GitHub trimmed Copilot's default toolset from about forty tools to thirteen and reported a 2 to 5 point gain on coding benchmarks across two different models, plus lower latency. Their line: "Too many tools doesn't always make it smarter. Sometimes it just makes it slower."
Count is the symptom, not the cause
To be clear about the evidence: no clean independent study has isolated tool count by itself. The vendor numbers bundle the count change with other changes, and the academic work tangles it with context length and retrieval. Count is the visible symptom. The cause is how many tools the model sees at the moment it chooses, and whether it can tell them apart.
That is the useful part, because it means you do not have to throw tools away. You can own a thousand and still put a handful in front of the model when it decides. Retrieval does this. So does loading tool definitions on demand instead of all upfront, which in one Anthropic example took a workflow from 150,000 tokens to 2,000. Deleting tools and keeping many but showing few land in the same place. What breaks agents is wiring everything into one context at once, not the marketplace existing.
What to do instead
Three things, roughly in order.
Consolidate. Replace one-tool-per-endpoint with a few that match what the agent is actually trying to do. Block rebuilt its Linear integration from more than thirty tools, one per API call, down to two: run a read query, run a write query. A question that used to take four tool calls now takes one.

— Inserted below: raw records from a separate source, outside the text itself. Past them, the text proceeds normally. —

Lemma card_rows_in (F : finFieldType) l n (S : {set 'rV[F]_n}) :
  #|[set Z : 'M[F]_(l, n) | [forall t, row t Z \in S]]| = (#|S| ^ l)%N.
Proof.
have inj : injective (fun g : {ffun 'I_l -> 'rV[F]_n} => \matrix_t g t).
  by move=> g g' E; apply/ffunP => t; have := congr1 (row t) E; rewrite !rowK.
rewrite -[in RHS](card_ord l) -card_ffun_on -(card_imset _ inj); apply: eq_card => Z.
rewrite inE; apply/forallP/imsetP => [ZS | [g /ffun_onP gS ->] t]; last by rewrite rowK.
exists [ffun t => row t Z]; first by apply/ffun_onP => t; rewrite ffunE.
by apply/row_matrixP => t; rewrite rowK ffunE.
Qed.

Lemma exists_kermx_pair (F : finFieldType) m l n (V : 'M[F]_(m, l))
    (S : {set 'rV[F]_n}) :
  row_free V -> (#|F| ^ (l + l.-1 * n) <= #|S| ^ l)%N ->
  exists Z Z' : 'M[F]_(l, n),
    [/\ forall t, row t Z \in S, forall t, row t Z' \in S
      & (kermx (Z - Z') == V)%MS].
Proof.
move=> freeV cardS; set T := [set Z : 'M[F]_(l, n) | [forall t, row t Z \in S]].
have [|Z [Z' [ZT Z'T VZZ' notB]]] :=
  fibre_pigeonhole (mulmx V) (T := T) (B := [set D | (V < kermx D)%MS]).
  by rewrite card_mx mulnC card_rows_in (leq_trans (card_ltmx_kermx n freeV)).
exists Z, Z'; move: ZT Z'T notB; rewrite !inE ltmxE => /forallP ZS /forallP Z'S.
have -> : (V <= kermx (Z - Z'))%MS by rewrite sub_kermx mulmxBr VZZ' subrr.
by rewrite /= negbK => DV; split; rewrite // DV.
Qed.

Section ColumnClasses.
Variables (F : finFieldType) (m k : nat) (A : 'M[F]_(m, k)).

Lemma colequivP j j' :
  reflect (exists2 c, c != 0 & col j A = c *: col j' A) (colequiv A j j').
Proof.
apply: (iffP existsP) => [[c /andP[c0 /eqP E]]|[c c0 E]]; exists c => //.
by rewrite c0 E eqxx.
Qed.

Lemma colequiv_refl j : colequiv A j j.
Proof. by apply/colequivP; exists 1; rewrite ?oner_eq0 ?scale1r. Qed.

Lemma colequiv_sym j j' : colequiv A j j' -> colequiv A j' j.
Proof.
case/colequivP => c c0 E; apply/colequivP; exists c^-1; first by rewrite invr_eq0.
by rewrite E scalerA mulVf // scale1r.
Qed.

Lemma colequiv_trans j1 j2 j3 :
  colequiv A j1 j2 -> colequiv A j2 j3 -> colequiv A j1 j3.
Proof.
case/colequivP => c c0 E /colequivP[d d0 E']; apply/colequivP.
by exists (c * d); rewrite ?mulf_neq0 // E E' scalerA.
Qed.

Definition crep j := odflt j [pick i | colequiv A j i].

Lemma colequiv_crep j : colequiv A j (crep j).
Proof. by rewrite /crep; case: pickP => [i //|/(_ j)]; rewrite colequiv_refl. Qed.

Lemma crep_eq j j' : colequiv A j j' -> crep j = crep j'.
Proof.
move=> jj'; rewrite /crep (@eq_pick _ _ (colequiv A j')).
  by case: pickP => [//|/(_ j')]; rewrite colequiv_refl.
move=> i /=; apply/idP/idP; first exact/colequiv_trans/colequiv_sym.
exact: colequiv_trans.
Qed.

Lemma crepK j : crep (crep j) = crep j.
Proof. exact/crep_eq/colequiv_sym/colequiv_crep. Qed.

Lemma colclass_crep j : colclass A (crep j) = colclass A j.
Proof.
apply/setP => i; rewrite !inE; apply/idP/idP; first exact/colequiv_trans/colequiv_crep.
exact/colequiv_trans/colequiv_sym/colequiv_crep.
Qed.

Definition cscale j :=
  odflt 0 [pick c | (c != 0) && (col j A == c *: col (crep j) A)].

Lemma col_cscale j : col j A = cscale j *: col (crep j) A.
Proof.
rewrite /cscale; case: pickP => [c /andP[_ /eqP //] | none].
by case/colequivP: (colequiv_crep j) => c c0 E; have := none c; rewrite c0 E eqxx.
Qed.

Definition cscaled (c : 'I_k -> F) := forall j, c j = cscale j * c (crep j).

Lemma cscaled_row i : cscaled (A i).
Proof.
by move=> j; have := congr1 (fun v : 'cV_m => v i 0) (col_cscale j); rewrite /= !mxE.
Qed.

Definition creps := [set crep j | j : 'I_k].
Local Notation l := #|creps|.

Lemma crep_in_creps j : crep j \in creps.
Proof. exact: imset_f. Qed.

Definition clrep (t : 'I_l) : 'I_k := enum_val t.
Definition cl j : 'I_l := enum_rank_in (crep_in_creps j) (crep j).

Lemma crep_clrep t : crep (clrep t) = clrep t.
Proof. by rewrite /clrep; have /imsetP[j _ ->] := enum_valP t; rewrite crepK. Qed.

Lemma clrep_cl j : clrep (cl j) = crep j.
Proof. by rewrite /clrep /cl enum_rankK_in // crep_in_creps. Qed.

Lemma cl_eq j t : (cl j == t) = (crep j == clrep t).
Proof. by rewrite -clrep_cl; apply/eqP/eqP => [-> // | /enum_val_inj]. Qed.

Lemma cl_clrep t : cl (clrep t) = t.
Proof. by apply/eqP; rewrite cl_eq crep_clrep. Qed.

Lemma nclassesE : nclasses A = l.
Proof.
rewrite /nclasses; have -> : colclasses A = colclass A @: creps.
  apply/setP => C; apply/imsetP/imsetP => [[j _ ->] | [_ /imsetP[j _ ->] ->]].
    by exists (crep j); rewrite ?crep_in_creps ?colclass_crep.
  by exists (crep j).
apply: card_in_imset => _ _ /imsetP[j _ ->] /imsetP[j' _ ->] E.
have : crep j' \in colclass A (crep j) by rewrite E inE colequiv_refl.
by rewrite inE => /crep_eq; rewrite !crepK.
Qed.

Vercel went further. The tool became a shell.
Scope per decision. Do not lay every tool on the table at once. Group them by service so the names stop colliding, retrieve the relevant few per task, or load definitions only when they are needed. The system can hold a lot. Each decision should see a little.

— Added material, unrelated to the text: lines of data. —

Section DiagramSplitting.
Context {dL : Order.disp_t} (L : finTBLatticeType dL) (hnt : nontrivial L).
Context {dE : Order.disp_t} (E : finTBLatticeType dE) (hE : geometric E).
Variables (iota : L -> E) (J : seq E).
Hypotheses (hi : modext iota) (hJ : all (@atom _ E) J) (hJne : J != [::]).
Hypotheses (hmeet : joinJ J `&` iota \top = \bot) (htop : iota \top `|` joinJ J = \top).

Local Notation F := (iota \top).
Local Notation X := (joinJ J).
Local Notation P := (ivl F *p ivl X)%type.

Let rE : ranked E. Proof. by case: hE. Qed.
Let hemb : embedding iota. Proof. by case: hi. Qed.

Lemma iota_le_top x : iota x <= F.
Proof. by rewrite (embedding_le hemb) lex1. Qed.

Lemma letter_le_join H : H \in J -> H <= X.
Proof. by move=> hH; exact: (joins_sup_seq _ hH). Qed.

Definition split_iota (x : L) : P := (@Sub _ _ (ivl F) (iota x) (iota_le_top x), \bot).

Definition split_word : seq P := [seq (\bot, insubd \bot H) | H <- J].

Lemma rk_split (p : P) : rk p = (rk (val p.1) + rk (val p.2))%N.
Proof. by rewrite rk_prod ?(rk_val rE) //; exact: ivl_ranked. Qed.

Lemma split_iota_embedding : embedding split_iota.
Proof.
case: hemb => hinj hmon h0 hj hat; split.
- by move=> x y [/hinj].
- by move=> x y hxy; rewrite prod_le /= lexx andbT ivl_le /= hmon.
- by congr (_, _); apply: val_inj; rewrite /= h0.
- by move=> x y; congr (_, _); [apply: val_inj; rewrite /= hj | rewrite joinxx].
- by move=> a ha; rewrite /atom rk_split /= (rk0 rE) addn0; exact: hat.
Qed.

Lemma split_iota_top : split_iota \top = (\top, \bot).
Proof. by congr (_, _); apply: val_inj. Qed.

Describe before you delete. Often the problem is not the number of tools but that the model cannot tell what they are for. Anthropic reached state of the art on a coding benchmark by refining tool descriptions alone. But it is real work, and it can backfire: one study found that rewriting descriptions lifted success by about six points while adding two-thirds more steps and making one case in six worse. Curation is not free.
Closing
I have argued before that every tool you give an agent is an attack surface. It is also a place the agent can go wrong. Each tool is one more thing it has to understand, choose between, and not misfire. Agentic search beats a library of endpoints for the same reason a shell beats fifteen wrappers: the model does more with a few sharp things it can do than with a wall of options.
When an agent is failing, the next move is usually not another tool.